Monday, March 18, 2013


OK, really swamped with non-hardball projects of late, so March has done more than half its lionizing thing without us...thus we'll give you something big, bold, brawny and arduous (you can pick up the internal association therein without our usual application of the sledgehammer, n'est-ce pas?)

We were struck recently (just a glancing blow, fortunately) by an off-hand remark about Nolan Ryan. The utterer attributed it to Bill James, though we've not had time to verify the reference. (No matter: despite what might otherwise seem to be the case, there's no intent in this essay to "bash" anyone...just making that clear in case someone erstwhile Jack Kruschen-type alerts Rob Neyer to the goings-on here.)

That remark, boiled down to its most prosaic formulation, suggested that when Ryan had his control he was unbeatable, and when he didn't he wasn't. Sounds like good advice (but that didn't stop Linda Ronstadt from loving some sweet-talking heartbreaker in a what seemed like an endless series of lachrymose ballads...) as well as a large dollop of early sabermetric common sense.

There were numbers in the formulation that went something like this: 5+ walks in a game, struggle; 3 or less walks, unbeatable. But as with many of the binary formulations that informed early efforts (and that are still, how shall we say..."psychologically influential" even today) to deconstruct baseball statistics, this one doesn't really stand up to a full sniff test.

But it does lead us into some interesting areas that aren't quite as settled as the heterodox orthodoxy would have us believe. (Cue up the music,'s QMAX time again!)

It turns out that when we break out Ryan's career starts (all 773 of them, available one by one at Forman et fil), the idea that he was unbeatable when he had better control is roughly three-fourths true.

The data is all here, compiled into your basic counting stats, well-known rate stats (ERA, H/9), and then some variously recondite calculations (the basic QMAX "S" and "C" values; QMAX's ERA predictor--named QERA; and, finally, the fabled FIP value). A lot of intriguing stuff here, so let's get right to it.

First, there's the raw interest in knowing exactly how many games with various amounts of walks allowed--Ryan has been retired for twenty years now, but he's still one of the most indelible presences on the mound (even if he's nowhere near the level of the all-time greats).

It's amazing to find out that he had 232 starts in which he walked five or more batters; that he had only 27 starts (just 3%) where he didn't walk anyone. And it's very interesting to note that his ERA in games where he walked five batters isn't all that different from his ERA in games where he walked only three.

In fact, it's downright weird to discover that Ryan's ERA in games where he walked five or more batters is lower than it is in games where he walks three or four batters.

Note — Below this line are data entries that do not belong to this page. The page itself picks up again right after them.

Lemma world_repP w :
  exists2 X, isRep SD Th X (val w).2 & (val w).1 = cls Th X (val w).2.
Proof. by have /existsP[X /andP[rX /eqP eX]] := valP w; exists X. Qed.

Lemma world_facet w : (val w).2 \in facets SD.
Proof. by have [X /and4P[_ wF _ _] _] := world_repP w. Qed.

Lemma puAcc_shared_vertex a w w' :
  puAcc a w w' -> exists2 q, q \in (val w).2 :&: (val w').2 & q.1 = a.
Proof. by case/existsP=> X /existsP[Y /and3P[_ _ /and4P[_ _ _ /colorsP]]]. Qed.

Hypothesis Th_facet_map : is_facet_map (SI n) SD Th.

Lemma isRep_facet_map X t : X \in FI n -> t \in Th X -> isRep SD Th X t.
Proof.
case: Th_facet_map => ThF [ThC _] XF tX; rewrite /isRep XF (subsetP (ThF X XF)) //=.
apply/andP; split; last by apply/existsP; exists X; rewrite XF tX subxx.
apply/subsetP => a; rewrite !inE /accAct /accI !setIid.
exact: (subsetP (ThC X t XF tX)).
Qed.

Lemma cls_self X t : X \in FI n -> t \in Th X -> X \in cls Th X t.
Proof.
move=> XF tX; have /and4P[_ _ alive_t preX] := isRep_facet_map XF tX.
rewrite inE XF preX andbT; apply/forallP => a; apply/implyP => /(subsetP alive_t).
by rewrite inE /accI setIid.
Qed.

Lemma world_of_facet X t :
  X \in FI n -> t \in Th X -> exists w, val w = (cls Th X t, t).
Proof.
move=> XF tX; have wP : isWorld SD Th (cls Th X t, t).
  by apply/existsP; exists X; rewrite isRep_facet_map //= eqxx.
by exists (exist (isWorld SD Th) _ wP).
Qed.

Lemma world_of_facets Y : Y \in facets SD -> exists w, (val w).2 = Y.
Proof.
case: Th_facet_map => _ [_ ->] /bigcupP[X XF YX].
by have [w ew] := world_of_facet XF YX; exists w; rewrite ew.
Qed.

Lemma simplex_in_world Z : Z \in SD -> exists w, Z \subset (val w).2.
Proof. by move=> /facet_sup[Y /world_of_facets[w <-] ZY]; exists w. Qed.

End ProductUpdate.

Section Protocol.
Variables (n : nat) (VP : {set vert n}) (SP : {set simplex n}).
Variable Ps : simplex n -> {set simplex n}.
Hypothesis protocol : is_protocol VP SP Ps.

Lemma puAcc_of_shared_vertex (w w' : puW SP Ps) p :
  p \in (val w).2 -> p \in (val w').2 -> puAcc p.1 w w'.
Proof.
case: protocol => _ [_ colorsI] pw pw'.
have [X rX eX] := world_repP w; have [X' rX' eX'] := world_repP w'.
have shared : p.1 \in colors ((val w).2 :&: (val w').2).
  by apply/colorsP; exists p; rewrite ?inE ?pw ?pw'.
apply/existsP; exists X; apply/existsP; exists X'.
rewrite rX rX' eX eX' !eqxx /accAct shared andbT /accI.
have /and4P[XF _ _ _] := rX; have /and4P[X'F _ _ _] := rX'.
exact: subsetP (colorsI _ _ _ _ XF X'F (isRep_facet rX) (isRep_facet rX')) _ shared.
Qed.

End Protocol.

Section Decision.
Variables (n : nat) (VP : {set vert n}) (SP : {set simplex n}).
Variables (VO : {set vert n}) (SO : {set simplex n}).
Variables (Ps De : simplex n -> {set simplex n}).
Hypothesis protocol : is_protocol VP SP Ps.
Hypothesis task : is_task VO SO De.
Variable f : puW SP Ps -> {set puW SO De}.
Hypothesis f_acc : forall a w w', puAcc a w w' ->
  forall u u', u \in f w -> u' \in f w' -> puAcc a u u'.
Hypothesis f_sup : forall w, exists2 w', w' \in f w & (val w).1 \subset (val w').1.
Implicit Types (Z : simplex n) (w : puW SP Ps) (u : puW SO De) (p q : vert n).

Lemma task_facet_in (u : puW SO De) : (val u).2 \in SO.
Proof. exact: subsetP (facets_sub _) _ (world_facet u). Qed.

Lemma images_share_vertex w w' u u' p :
  u \in f w -> u' \in f w' -> p \in (val w).2 -> p \in (val w').2 ->
  exists2 q, q \in (val u).2 :&: (val u').2 & q.1 = p.1.
Proof.
move=> uw uw' pw pw'.
exact/puAcc_shared_vertex/(f_acc (puAcc_of_shared_vertex protocol pw pw') uw uw').
Qed.

Lemma image_vertex_mem w w' u u' p q :
  u \in f w -> u' \in f w' -> p \in (val w).2 -> p \in (val w').2 ->
  q \in (val u).2 -> q.1 = p.1 -> q \in (val u').2.
Proof.
move=> uw uw' pw pw' qu qp.
have [r /setIP[ru ru'] rp] := images_share_vertex uw uw' pw pw'.
have [[cO _] _] := task; have [_ _ chu] := cO _ (task_facet_in u).
by rewrite (chromaticP chu qu ru) // qp rp.
Qed.

(* The default [p] is only taken on vertices lying in no facet of P. *)
Definition decision (p : vert n) : vert n :=
  if [pick q | [exists w, exists u,
        [&& u \in f w, p \in (val w).2, q \in (val u).2 & q.1 == p.1]]] is Some q
  then q else p.
Lemma deg_part_eq0 s g :
  graded_seq s -> \sum_(p <- s) p.2 = 0 -> deg_part s g = 0.
Proof.
move=> hs s0; set U := undup (map fst s).
have [gU|gU] := boolP (g \in U); last first.
  apply: big1_seq => p /andP [/eqP pg ps]; case/negP: gU.
  by rewrite mem_undup -pg map_f.
have iU : (index g U < size U)%N by rewrite index_mem.
have [_ _ _ _ indep] := gcompP A.
have := indep (size U) (fun i => nth G1 U i) (fun i => deg_part s (nth G1 U i)).
rewrite -(big_mkord xpredT (fun i => deg_part s (nth G1 U i))).
rewrite -(big_nth G1 xpredT (deg_part s)).
rewrite -sum_deg_parts => /(_ _ _ s0 (Ordinal iU)).
rewrite /= nth_index //; apply.
- by move=> i j /eqP; rewrite nth_uniq ?undup_uniq // => /eqP /val_inj.
- by move=> i; apply: gcomp_deg_part.
Qed.

Lemma gcomp_eq0_other_degrees a g s : gcomp g a -> graded_seq s ->
  (forall p, p \in s -> p.1 != g) -> a = \sum_(p <- s) p.2 -> a = 0.
Proof.
move=> ga hs sg ea.
have hs' : graded_seq ((g, - a) :: s).
  by move=> p; rewrite inE => /orP [/eqP -> /=|/hs //]; apply: gcompN.
have := deg_part_eq0 g hs'; rewrite big_cons -ea addNr /deg_part big_cons eqxx.
rewrite big1_seq ?addr0 => [/(_ erefl) /eqP|p /andP [pg /sg]]; last by rewrite pg.
by rewrite oppr_eq0 => /eqP.
Qed.

Lemma mul_deg_part a b g d s : gcomp g a -> graded_seq s ->
  b = \sum_(p <- s) p.2 -> gcomp (Gmul g d) (a * b) -> a * b = a * deg_part s d.
Proof.
move=> ga hs eb gab; apply/eqP; rewrite -subr_eq0; apply/eqP.
apply: (@gcomp_eq0_other_degrees _ (Gmul g d)
          [seq (Gmul g p.1, a * p.2) | p <- s & p.1 != d]).
- by apply: gcompB => //; apply: gcompM => //; apply: gcomp_deg_part.
- move=> q /mapP [p]; rewrite mem_filter => /andP [_ ps] ->.
  by apply: gcompM => //; apply: hs.
- move=> q /mapP [p]; rewrite mem_filter => /andP [pd _] ->.
  by apply: contra pd => /eqP /GmulI ->.
rewrite big_map big_filter -mulr_sumr -mulrBr; congr (_ * _).
by rewrite /deg_part eb (bigID (fun p : Gpos * A => p.1 == d)) /= addrAC subrr add0r.
Qed.

Lemma gcomp1 : gcomp G1 (1 : A).
Proof.
have [s hs e1] := graded_seq_exists 1.
have mul_part1 a g : gcomp g a -> a = a * deg_part s G1.
  by move=> ga; rewrite -(mul_deg_part ga hs e1) ?mulr1 ?Gmul1.
suff -> : (1 : A) = deg_part s G1 by apply: gcomp_deg_part.
rewrite [X in X = _]e1 big_seq (eq_bigr (fun p : Gpos * A => p.2 * deg_part s G1)).
  by rewrite -big_seq -mulr_suml -e1 mul1r.
by move=> p /hs /mul_part1.
Qed.

Lemma gcompV a b g : gcomp g a -> a * b = 1 -> gcomp (Ginv g) b.
Proof.
move=> ga ab; have [s hs eb] := graded_seq_exists b.
have := mul_deg_part (d := Ginv g) ga hs eb; rewrite GmulV ab => /(_ gcomp1) e1.
have -> : b = deg_part s (Ginv g) by rewrite -[b]mul1r e1 mulrAC ab mul1r.
exact: gcomp_deg_part.
Qed.

End GradedRing.

Section SubringSet.
Variables (R : comPzRingType) (A : set R).

Definition subring_set := [/\ A 1, (forall a b, A a -> A b -> A (a - b)) &
  (forall a b, A a -> A b -> A (a * b))].

Hypothesis sA : subring_set.

Lemma subring1 : A 1. Proof. by case: sA. Qed.
Lemma subringB a b : A a -> A b -> A (a - b).
Proof. by case: sA => _ sB _; apply: sB. Qed.
Lemma subringM a b : A a -> A b -> A (a * b).
Proof. by case: sA => _ _ sM; apply: sM. Qed.
Lemma subring0 : A 0. Proof. by rewrite -(subrr 1); apply: subringB; apply: subring1. Qed.
Lemma subringN a : A a -> A (- a).
Proof. by move=> Aa; rewrite -sub0r; apply: subringB => //; apply: subring0. Qed.
Lemma subringD a b : A a -> A b -> A (a + b).
Proof. by move=> Aa Ab; rewrite -[b]opprK; apply: subringB => //; apply: subringN. Qed.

And it's very interesting to note the divergences in Ryan's QERA and FIP through this sequence of breakouts.

Now, we know (even before it's pointed out to us by our super-modeling brethren...) that QERA and FIP aren't attempting to measure the same thing. But the predictive qualities that are claimed for FIP (that its reliance only on the so-called "three true outcomes" to fashion a massaged model of ERA is a truer picture of future performance than anything else) run into a few thorny issues when we look at how it handles cluster of starts where the pitcher has high walks and low hits.

And there's no better place to examine that discrepancy between the predicted and the actual than in the region of the QMAX chart (as you'll see in the many matrix breakouts that show the shape of Ryan's start distributions by the number of walks/game) in the upper right corner.

That is what we've taken to call the "power precipice": the area where pitchers give up a good bit fewer hits than the league average per nine innings, and a good bit more walks than the league average per nine innings. It is a range that is shockingly close to the level of success that pitchers achieve in the upper left corner of the QMAX chart, where they have similar success at hit prevention and have lower than average walks per nine.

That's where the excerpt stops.